Work item: Retype verbatim the lines of the listing, from the very first through the line with "(* Only the".

Source material Start Marker

Lemma condS_pcat (T : Type) (prec : rel T) x0 n m (s : 'S_n) (t : 'S_m) w :
  size w = (n + m)%N ->
  condS prec x0 (pcat s t) w = condS prec x0 s (take n w) && condS prec x0 t (drop n w).
Proof.
move=> sz; rewrite /condS sz eqxx size_drop sz addKn size_takel ?sz ?leq_addr // !eqxx /=.
apply/forallP/andP => [cond|[/forallP cond_s /forallP cond_t] j].
  split; apply/forallP => j.
    have := cond (lshift m j); rewrite permE /pcat_fun.
    by rewrite -[lshift m j]/(unsplit (inl j)) unsplitK /= !nth_take.
  have := cond (rshift n j); rewrite permE /pcat_fun.
  by rewrite -[rshift n j]/(unsplit (inr j)) unsplitK /= !nth_drop.
rewrite permE /pcat_fun; case: splitP => [a|b] ->.
  by have := cond_s a; rewrite !nth_take.
by have := cond_t b; rewrite !nth_drop.
Qed.

(* Only the cut at position n contributes to the Cauchy product. *)
Lemma SA_mul (K : nzRingType) n m (s : 'S_n) (t : 'S_m) :
  sermul (SA K s) (SA K t) = SA K (pcat s t).
Proof.
apply: functional_extensionality => w; rewrite /sermul SAE.
under eq_bigr => i _ do rewrite !SAE -natrM mulnb.
have cut_at_n (i : 'I_(size w).+1) : condS precA a0 s (take i w) -> val i = n.
  by move/condS_size; rewrite size_takel // -ltnS.
have [lt_wn|le_nw] := ltnP (size w) n.
  rewrite big1 => [|i _]; last first.
    case cond: (condS _ _ s _) => //; move/cut_at_n: cond lt_wn => <-.
    by rewrite ltnNge -ltnS ltn_ord.
  case cond: (condS _ _ (pcat s t) _) => //.
  by move: lt_wn; rewrite (condS_size cond) ltnNge leq_addr.
have lt_n_w1 : (n < (size w).+1)%N by [].
rewrite (bigD1 (Ordinal lt_n_w1)) //= big1 ?addr0 => [|i ne_in]; last first.
  case cond: (condS _ _ s _) => //; move/cut_at_n: cond ne_in => e.
  by rewrite -val_eqE /= e eqxx.
have [sz|ne_sz] := eqVneq (size w) (n + m)%N; first by rewrite condS_pcat.
case cond: (condS precA _ (pcat s t) w); first by rewrite (condS_size cond) eqxx in ne_sz.
case cond_t: (condS precA _ t _); last by rewrite andbF.
by move: ne_sz; rewrite -(condS_size cond_t) size_drop subnKC ?eqxx.
Qed.

Lemma filter_nth_ord {T : Type} (x0 : T) (p : pred T) {n} {w : seq T} : size w = n ->
  filter p w = [seq nth x0 w j | j : 'I_n <- enum [set j : 'I_n | p (nth x0 w j)]].
Proof.
move=> sz.
have -> : enum [set j : 'I_n | p (nth x0 w j)] = [seq j : 'I_n <- enum 'I_n | p (nth x0 w j)].
  by rewrite /enum_mem -filter_predI; apply: eq_filter => j /=; rewrite in_set; case: (p _).
rewrite -(filter_map (nth x0 w \o val)) map_comp val_enum_ord -sz.
by rewrite map_nth_iota0 // take_size.
Qed.

Section Stable.

Context {n : nat} (s : 'S_n).

Definition stable (U : {set 'I_n}) := forall j, (s j \in U) = (j \in U).

Lemma closed_stable (U : {set 'I_n}) : {in U, forall j, s j \in U} -> stable U.
Proof.
move=> closedU j; have sU : s @: U = U.
  apply/eqP; rewrite eqEcard card_imset ?leqnn ?andbT; last exact: perm_inj.
  by apply/subsetP => _ /imsetP[i iU ->]; apply: closedU.
by rewrite -{1}sU mem_imset //; apply: perm_inj.
Qed.

Lemma stableC (U : {set 'I_n}) : stable U -> stable (~: U).
Proof. by move=> stU j; rewrite !in_setC stU. Qed.

Lemma porbit_sub_stable (U : {set 'I_n}) j :
  stable U -> j \in U -> porbit s j \subset U.
Proof.
move=> stU jU; apply/subsetP => _ /porbitP[i ->].
by elim: i => [|i IH]; rewrite ?expg0 ?perm1 // expgSr permM stU.
Qed.

Lemma mem_cover_porbits (C : {set {set 'I_n}}) j :
  C \subset porbits s -> (j \in cover C) = (porbit s j \in C).
Proof.
move=> subC; apply/bigcupP/idP => [[X XC jX]|]; last by exists (porbit s j); rewrite ?porbit_id.
have /imsetP[x _ defX] := subsetP subC X XC.
by move: jX; rewrite defX -eq_porbit_mem => /eqP ->; rewrite -defX.
Qed.

Lemma stable_cover (C : {set {set 'I_n}}) : C \subset porbits s -> stable (cover C).
Proof.
by move=> subC j; rewrite !mem_cover_porbits // -(porbit_perm s 1 j) expg1.
Qed.

Lemma cover_porbits_inj (C1 C2 : {set {set 'I_n}}) :
  C1 \subset porbits s -> C2 \subset porbits s -> cover C1 = cover C2 -> C1 = C2.
Proof.
move=> sub1 sub2 eqC; apply/setP => X.
wlog X1 : C1 C2 sub1 sub2 eqC / X \in C1.
  move=> wlog_X; apply/idP/idP => [X1|X2].
    by rewrite -(wlog_X C1 C2 sub1 sub2 eqC X1).
  by rewrite -(wlog_X C2 C1 sub2 sub1 (esym eqC) X2).
have /imsetP[x _ defX] := subsetP sub1 X X1.
by rewrite X1 defX -mem_cover_porbits // -eqC mem_cover_porbits // -defX.
Qed.

Lemma cover_porbits_stable (U : {set 'I_n}) :
  stable U -> cover [set X in porbits s | X \subset U] = U.
Proof.
move=> stU; apply/setP => x; apply/bigcupP/idP => [[X]|xU].
  by rewrite inE => /andP[_ /subsetP XU] /XU.
exists (porbit s x); last exact: porbit_id.
by rewrite inE imset_f //= porbit_sub_stable.
Qed.

Lemma std_val (U : {set 'I_n}) (k : 'I_#|U|) :
  stable U -> enum_val (std s U k) = s (enum_val k).
Proof.
move=> stU.
have val_std_fun (i : 'I_#|U|) : enum_val (std_fun s i) = s (enum_val i).
  by rewrite /std_fun enum_rankK_in // stU enum_valP.
have inj_std_fun : injective (std_fun s (U := U)).
  by move=> i1 i2 e; apply/enum_val_inj/(@perm_inj _ s); rewrite -!val_std_fun e.
by rewrite /std /mk_perm; case: injectiveP => // inj_fun; rewrite permE.
Qed.

Lemma condS_std (T : Type) (prec : rel T) x0 (U : {set 'I_n}) (f : 'I_n -> T) :
  stable U ->
  condS prec x0 (std s U) [seq f j | j <- enum U] = [forall j in U, prec (f j) (f (s j))].
Proof.
move=> stU; rewrite /condS size_map -cardE eqxx /=.
have nth_sub (k : 'I_#|U|) : nth x0 [seq f j | j <- enum U] k = f (enum_val k).
  rewrite (nth_map (enum_val k)) -?cardE ?ltn_ord //.
  by rewrite /enum_val; congr f; apply: set_nth_default; rewrite -cardE ltn_ord.
apply/forallP/forallP => [cond j|cond k].
  by apply/implyP => jU; have := cond (enum_rank_in jU j); rewrite !nth_sub std_val ?enum_rankK_in.
by rewrite !nth_sub std_val //; have := cond (enum_val k); rewrite enum_valP.
Qed.

End Stable.

Local Notation ab0 := (inl a0 : letterAB).

Definition is_inr (x : letterAB) : bool := if x is inr _ then true else false.
Definition unl (x : letterAB) : letter := if x is inl a then a else a0.
Definition unr (x : letterAB) : letter := if x is inr b then b else a0.

Fixpoint interleave (m : seq bool) (u v : seq letter) : seq letterAB :=
  if m is b :: m' then
    if b then inr (head a0 v) :: interleave m' u (behead v)
    else inl (head a0 u) :: interleave m' (behead u) v
  else [::].

Lemma interleaveK w : interleave (map is_inr w) (projAB w).1 (projAB w).2 = w.
Proof. by elim: w => [|[a|b] w IH] //=; rewrite /projAB /= in IH *; rewrite IH. Qed.

Lemma map_is_inr_interleave m u v : map is_inr (interleave m u v) = m.
Proof. by elim: m u v => [|[] m IH] u v //=; rewrite IH. Qed.

Lemma size_interleave m u v : size (interleave m u v) = size m.
Proof. by rewrite -(size_map is_inr) map_is_inr_interleave. Qed.

Lemma projAB_interleave m u v :
  count negb m = size u -> count id m = size v -> projAB (interleave m u v) = (u, v).
Proof.
elim: m u v => [|[] m IH] u v /=; first by case: u => //; case: v.
  case: v => // b v /= cnt_u [] cnt_v.
  by have := IH u v cnt_u cnt_v; rewrite /projAB /= => -[-> ->].
case: u => // a u /= [] cnt_u cnt_v.
by have := IH u v cnt_u cnt_v; rewrite /projAB /= => -[-> ->].
Qed.

Definition inr_pos n (w : seq letterAB) : {set 'I_n} := [set j : 'I_n | is_inr (nth ab0 w j)].

Lemma projAB_enum {n} {w : seq letterAB} : size w = n ->
  projAB w = ([seq unl (nth ab0 w j) | j : 'I_n <- enum (~: inr_pos n w)],
              [seq unr (nth ab0 w j) | j : 'I_n <- enum (inr_pos n w)]).
Proof.
move=> sz; have -> : projAB w = (map unl (filter (predC is_inr) w), map unr (filter is_inr w)).
  by elim: w {sz} => [|[a|b] w IH] //=; rewrite /projAB /= in IH *; case: IH => -> ->.
rewrite (filter_nth_ord ab0 (predC is_inr) sz) (filter_nth_ord ab0 is_inr sz) -!map_comp.
have -> : [set j : 'I_n | predC is_inr (nth ab0 w j)] = ~: inr_pos n w.
  by apply/setP => j; rewrite !inE.
by [].
Qed.

(* Since b ≺ a never holds for a in A, b in B, the B-positions are σ-stable. *)
Lemma condS_AB {n} (s : 'S_n) (w : seq letterAB) : size w = n ->
  condS precAB ab0 s w <->
  [/\ stable s (inr_pos n w), condS precA a0 (std s (~: inr_pos n w)) (projAB w).1
    & condS precA a0 (std s (inr_pos n w)) (projAB w).2].
Proof.
move=> sz; rewrite (projAB_enum sz) /=; set U := inr_pos n w; split.
  case/andP => _ /forallP cond.
  have stU : stable s U.
    apply: closed_stable => j; rewrite !inE; have := cond j.
    by case: (nth ab0 w j) => a; case: (nth ab0 w (s j)).
  split=> //; [rewrite condS_std; last exact: stableC | rewrite condS_std //];
    apply/forall_inP => j; have := stU j; have := cond j; rewrite ?in_setC !inE;
    by case: (nth ab0 w j) => a; case: (nth ab0 w (s j)).
case=> stU; rewrite condS_std; last exact: stableC.
rewrite condS_std // => /forall_inP condA /forall_inP condB.
rewrite /condS sz eqxx /=; apply/forallP => j.
have := stU j; have := condA j; have := condB j; rewrite in_setC !inE.
by case: (nth ab0 w j) => a; case: (nth ab0 w (s j)) => b /= condB_j condA_j // _;
  apply: condA_j.
Qed.

Definition set_mask {n} (U : {set 'I_n}) : seq bool := [seq j \in U | j <- enum 'I_n].

Lemma count_set_mask n (U : {set 'I_n}) : count id (set_mask U) = #|U|.
Proof. by rewrite count_map enumT cardE /enum_mem size_filter. Qed.

Lemma count_negb_set_mask n (U : {set 'I_n}) : count negb (set_mask U) = #|~: U|.
Proof. by rewrite -count_set_mask !count_map; apply: eq_count => j /=; rewrite inE. Qed.

Lemma size_set_mask n (U : {set 'I_n}) : size (set_mask U) = n.
Proof. by rewrite size_map size_enum_ord. Qed.

Lemma nth_set_mask n (U : {set 'I_n}) (j : 'I_n) : nth false (set_mask U) j = (j \in U).
Proof. by rewrite (nth_map j) ?size_enum_ord // nth_ord_enum. Qed.

Lemma inr_pos_interleave n (U : {set 'I_n}) u v :
  inr_pos n (interleave (set_mask U) u v) = U.
Proof.
apply/setP => j; rewrite inE -nth_set_mask -{2}(map_is_inr_interleave (set_mask U) u v).
by rewrite (nth_map ab0) // size_interleave size_set_mask.
Qed.

Lemma set_mask_inr_pos n (w : seq letterAB) : size w = n ->
  set_mask (inr_pos n w) = map is_inr w.
Proof.
move=> sz; apply: (@eq_from_nth _ false); first by rewrite size_set_mask size_map sz.
rewrite size_set_mask => k lt_kn.
by rewrite -[k]/(val (Ordinal lt_kn)) nth_set_mask (nth_map ab0) ?sz // inE.
Qed.

Section Coproduct.

Context {n : nat} (s : 'S_n) (u v : seq letter).

Definition split_ok (C : {set {set 'I_n}}) :=
  condS precA a0 (std s (~: cover C)) u && condS precA a0 (std s (cover C)) v.

Definition split_word (C : {set {set 'I_n}}) := interleave (set_mask (cover C)) u v.

Lemma split_wordP (C : {set {set 'I_n}}) : C \subset porbits s -> split_ok C ->
  condS precAB ab0 s (split_word C) /\ projAB (split_word C) = (u, v).
Proof.
move=> subC /andP[condA condB].
have proj_split : projAB (split_word C) = (u, v).
  by apply: projAB_interleave;
    rewrite ?count_negb_set_mask ?count_set_mask ?(condS_size condA) ?(condS_size condB).
split=> //; apply/condS_AB; first by rewrite size_interleave size_set_mask.
by rewrite inr_pos_interleave proj_split; split=> //; apply: stable_cover.
Qed.

(* The witness C is the set of cycles inside the (σ-stable) set of
   B-positions of w. *)
Lemma split_word_surj (w : seq letterAB) :
  condS precAB ab0 s w -> projAB w = (u, v) ->
  exists2 C : {set {set 'I_n}}, (C \subset porbits s) && split_ok C & w = split_word C.
Proof.
move=> condAB proj_w; have sz := condS_size condAB.
have [stU condA condB] := (condS_AB s w sz).1 condAB.
pose C := [set X in porbits s | X \subset inr_pos n w].
have coverC : cover C = inr_pos n w by apply: cover_porbits_stable.
exists C; last by rewrite /split_word coverC set_mask_inr_pos // -{1}(interleaveK w) proj_w.
apply/andP; split; first by apply/subsetP => X; rewrite inE => /andP[].
by rewrite /split_ok coverC -[u]/((u, v).1) -[v]/((u, v).2) -proj_w condA condB.
Qed.

End Coproduct.

Lemma SAB_coproduct (K : nzRingType) n (s : 'S_n) (u v : seq letter) :
  SAB K s (u, v) =
  \sum_(C in powerset (porbits s)) SA K (std s (~: cover C)) u * SA K (std s (cover C)) v.
Proof.
pose Cs := [seq C <- enum (powerset (porbits s)) | split_ok s u v C].
have mem_Cs C : (C \in Cs) = (C \subset porbits s) && split_ok s u v C.
  by rewrite mem_filter mem_enum powersetE andbC.
have admissible_Cs w : w \in map (split_word u v) Cs ->
    condS precAB ab0 s w /\ projAB w = (u, v).
  by case/mapP => C; rewrite mem_Cs => /andP[subC okC] ->; apply: split_wordP.
rewrite /SAB /fam_sum (@fam_coefE _ _ _ _ (pmap insub (map (split_word u v) Cs))).
- rewrite size_pmap_sub (eq_in_count (a2 := predT)) ?count_predT; last first.
    by move=> w /admissible_Cs[].
  rewrite size_map size_filter -sum1_count big_enum_cond /= natr_sum.
  rewrite [LHS]big_mkcond [RHS]big_mkcond; apply: eq_bigr => C _.
  rewrite !SAE -natrM mulnb /split_ok.
  by case: (_ \in _); case: (condS _ _ _ u); case: (condS _ _ _ v).
- apply: pmap_sub_uniq; rewrite map_inj_in_uniq; first exact/filter_uniq/enum_uniq.
  move=> C1 C2 /[!mem_Cs] /andP[sub1 _] /andP[sub2 _] /(congr1 (inr_pos n)).
  by rewrite /split_word !inr_pos_interleave; apply: cover_porbits_inj sub1 sub2.
move=> [w condAB] /=; rewrite mem_pmap_sub /=; split; first by case/admissible_Cs.
move=> proj_w; have [C] := @split_word_surj n s u v w condAB proj_w.
by rewrite -mem_Cs => Cs_C ->; apply: map_f.
Qed.

Theorem theorem4p1 (K : fieldType) :
  (forall n (s : 'S_n) (w : seq letter),
      SA K s w = (condS precA (0%N, 0%N) s w)%:R) /\
  (forall (ps : seq {n : nat & 'S_n}) (c : {n : nat & 'S_n} -> K),
      uniq ps ->
      (forall w : seq letter, \sum_(p <- ps) c p * SA K (tagged p) w = 0) ->
      forall p, p \in ps -> c p = 0) /\
  (forall n m (s : 'S_n) (t : 'S_m),
      sermul (SA K s) (SA K t) = SA K (pcat s t)) /\
  (forall n (s : 'S_n) (u v : seq letter),
      SAB K s (u, v) =
      \sum_(C in powerset (porbits s))
         SA K (std s (~: cover C)) u * SA K (std s (cover C)) v).
Proof.
split; first exact: SAE.
split; first exact: SA_lin_indep.
split; first exact: SA_mul.
exact: SAB_coproduct.
Qed.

Source material End Marker

Task response:
Lemma condS_pcat (T : Type) (prec : rel T) x0 n m (s : 'S_n) (t : 'S_m) w :
  size w = (n + m)%N ->
  condS prec x0 (pcat s t) w = condS prec x0 s (take n w) && condS prec x0 t (drop n w).
Proof.
move=> sz; rewrite /condS sz eqxx size_drop sz addKn size_takel ?sz ?leq_addr // !eqxx /=.
apply/forallP/andP => [cond|[/forallP cond_s /forallP cond_t] j].
  split; apply/forallP => j.
    have := cond (lshift m j); rewrite permE /pcat_fun.
    by rewrite -[lshift m j]/(unsplit (inl j)) unsplitK /= !nth_take.
  have := cond (rshift n j); rewrite permE /pcat_fun.
  by rewrite -[rshift n j]/(unsplit (inr j)) unsplitK /= !nth_drop.
rewrite permE /pcat_fun; case: splitP => [a|b] ->.
  by have := cond_s a; rewrite !nth_take.
by have := cond_t b; rewrite !nth_drop.
Qed.

(* Only the cut at position n contributes to the Cauchy product. *)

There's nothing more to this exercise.